Shah immediately appealed the decision. He has consistently denied any wrongdoing, claiming he merely took advantage of legal loopholes.
The court ruled to keep Shah in jail while the appeal is processed, saying he was a flight risk. Shah had protested this claim, arguing he should be allowed to return to London to be closer to relatives and attend a High Court case against him in person.
The trader has been held in custody since he was extradited to Denmark from Dubai a year ago.
“I have maintained throughout these proceedings that I would not receive a fair and impartial trial in Denmark, today’s decision reflects this,” Shah said in a statement through his English lawyers. Shah arrived in court wearing a Christmas hat.
Denmark along with Germany has been at the heart of what has been one of Europe’s biggest tax scandals involving thousands of bankers, traders and lawyers, who exploited dividend payout laws across Europe to reap duplicate tax refunds.
Shah played an “central and controlling role” in the crime, the judge said on Thursday. The trader “carefully planned” the scheme and further implemented software in order to streamline and escalate it. More than 80% of the money flowed into his pockets, the judge said.
Shah is the third trader to be convicted in Denmark in relation to the scandal, which cost the nation a total of 12.7 billion kroner. Last year fellow British trader Anthony Mark Patterson was sentenced to eight years in prison after pleading guilty to helping Shah operate the hedge fund’s trading strategy.
At the final court hearing in September, Shah argued he was never going to be able to get a fair trial because he’d been labeled guilty by Danish government ministers from the start.
The 54-year-old will also be deported from Denmark and banned from entering the country, while more than 7 billion kroner and real estate will be confiscated from Shah, the Danish court ruled.
The sentence is “a historically harsh punishment” corresponding to sentences given for murder, Mikael Skjodt, Shah’s defense lawyer, said after the ruling. “We hope the high court reaches a different conclusion.”
Denmark’s state prosecutor Marie Tullin had recommended Shah be imprisoned for 12 years, arguing he was the mastermind behind the scheme. She said Shah’s scam had concerned “an extraordinarily large amount, it’s been going on for a very long time, and it’s systematic fraud against the Danish state.”
“We have established that it’s against the law to get back taxes you have not paid. There is no loophole,” Tullin said.
In London, the Danish tax agency has also sued Shah and dozens of traders and businesses in a civil case that’s still running.
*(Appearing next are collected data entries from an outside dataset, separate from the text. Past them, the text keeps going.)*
Lemma delta_f_norm d (r : {perm 'I_d}) (Phi : system d) f p : inDelta_f r Phi f p ->
  (lp_norm p <= (2 * sys_norm Phi).+1 ^ (d - lvl r p) * sys_norm Phi)%N.
Proof.
set N := sys_norm Phi; set K := (2 * N).+1.
have norm_term t : t \in terms Phi -> (lp_norm t <= N)%N by move=> t_in; exact: leq_bigmax_seq.
elim=> [t t_in|g h fg _ IH eq_lvl].
  by rewrite (leq_trans (norm_term t t_in)) // leq_pmull // expn_gt0.
have [lvl_h|lvl_gt0] := posnP (lvl r h); first by rewrite spoly_constants ?eq_lvl // norm0.
have g_in : g \in terms Phi by rewrite mem_cat; apply/orP; right; apply/mapP; exists (f, g).
apply: leq_trans (norm_spoly r g h) _.
apply: (@leq_trans (K * (K ^ (d - lvl r h) * N))).
  by apply: leq_mul => //; apply: leqW; rewrite leq_mul2l norm_term ?orbT.
rewrite mulnA -expnS leq_mul2r leq_pexp2l ?orbT //.
by have := spoly_lvl_lt eq_lvl lvl_gt0; have := lvl_le_dim r h; lia.
Qed.

Lemma expn_mono_base m n e : (m <= n)%N -> (m ^ e <= n ^ e)%N.
Proof. by move=> le_mn; case: e => [|e] //; rewrite leq_exp2r. Qed.

Lemma bitlen_bound d n N : (n <= (2 * N).+1 ^ d * N)%N ->
  (bitlen n <= (d + 2) * (bitlen N + 1))%N.
Proof.
(* With 2^U >= N + 1: n + 1 <= (2(N + 1))^d (N + 1) <= 2^((U + 1) d + U). *)
move=> le_n; rewrite /bitlen; set U := up_log 2 N.+1.
have N_lt : (N.+1 <= 2 ^ U)%N by exact: up_logP.
have n_lt : (n.+1 <= (2 * N.+1) ^ d * N.+1)%N.
  have le_pow : ((2 * N).+1 ^ d <= (2 * N.+1) ^ d)%N by rewrite expn_mono_base // mulnS.
  have := leq_mul le_pow (leqnn N); have : (0 < (2 * N.+1) ^ d)%N by rewrite expn_gt0.
  rewrite mulnS; lia.
have pow_le : ((2 * N.+1) ^ d * N.+1 <= 2 ^ (U.+1 * d + U))%N.
  by rewrite expnD expnM leq_mul // expn_mono_base // expnS leq_mul2l N_lt orbT.
have := up_log_min (isT : (1 < 2)%N) (leq_trans n_lt pow_le); nia.
Qed.

Section Stationary.
Variables (T : Type) (F : T -> T) (mu : T -> nat).
Hypothesis F_decr : forall y, F y = y \/ (mu (F y) < mu y)%N.

Lemma iter_measure_fixed x : F (iter (mu x) F x) = iter (mu x) F x.
Proof.
suff fixed n : forall y, (mu y <= n)%N -> F (iter n F y) = iter n F y by exact: fixed.
elim: n => [|n IH] y le_y.
  by case: (F_decr y) => // /leq_trans/(_ le_y).
case: (F_decr y) => [Fy|lt_y]; first by rewrite !iter_fix.
by rewrite iterSr IH // -ltnS (leq_trans lt_y).
Qed.

Lemma iter_stationary x k : exists2 j, (j <= mu x)%N & iter k F x = iter j F x.
Proof.
have [le_k|lt_k] := leqP k (mu x); first by exists k.
exists (mu x) => //; rewrite -(subnK (ltnW lt_k)) iterD.
exact/iter_fix/iter_measure_fixed.
Qed.

End Stationary.

Section DivisibilityModule.
Variables (d : nat) (r : {perm 'I_d}) (Phi : system d).
Implicit Types f g h p : linpoly d.

Lemma inM_rhs f g : (f, g) \in Phi -> inM Phi f g.
Proof.
by have := @M_div d Phi f f g 1; rewrite !lp_scale1 => div_fg /div_fg; apply; exact: M_gen.
Qed.

Lemma inM_spoly f g1 g2 :
  (f, g1) \in Phi -> (f, g2) \in Phi -> inM Phi f (spoly r g1 g2).
Proof.
move=> fg1 fg2; have := M_lin (lcoef r g2) (- lcoef r g1) (inM_rhs fg1) (inM_rhs fg2).
by rewrite -[- lcoef r g1]sub0r lp_scaleB lp_scale0 sub0r spolyE.
Qed.

Lemma mem_elim_set f g k :
  (f, g) \in Phi -> (lvl r g <= k)%N -> g \in elim_set r Phi f k.
Proof.
by move=> fg le_k; rewrite mem_undup; apply/mapP; exists (f, g); rewrite // mem_filter /= eqxx le_k.
Qed.

Lemma elim_set_filter f k k' : (k' <= k)%N ->
  [seq g <- elim_set r Phi f k | (lvl r g <= k')%N] = elim_set r Phi f k'.
Proof.
move=> le_k; rewrite /elim_set filter_undup filter_map -filter_predI.
congr (undup (map _ _)); apply: eq_filter => c /=.
by case: (c.1 == f); case: leqP => //= le_k'; rewrite (leq_trans le_k' le_k).
Qed.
“The fact that the case at the district court has been able to reach a decision so quickly is good for the Danes’ sense of justice,” Rasmus Stoklund, Denmark’s tax minister, said in an email.
In Germany, roughly 1,800 people are being investigated, with several lawyers, bankers and asset managers already handed prison terms. Hanno Berger, a former tax lawyer, has been sentenced twice over Cum-Ex trades.
(Updates a statement from Sanjay Shah in the sixth paragraph)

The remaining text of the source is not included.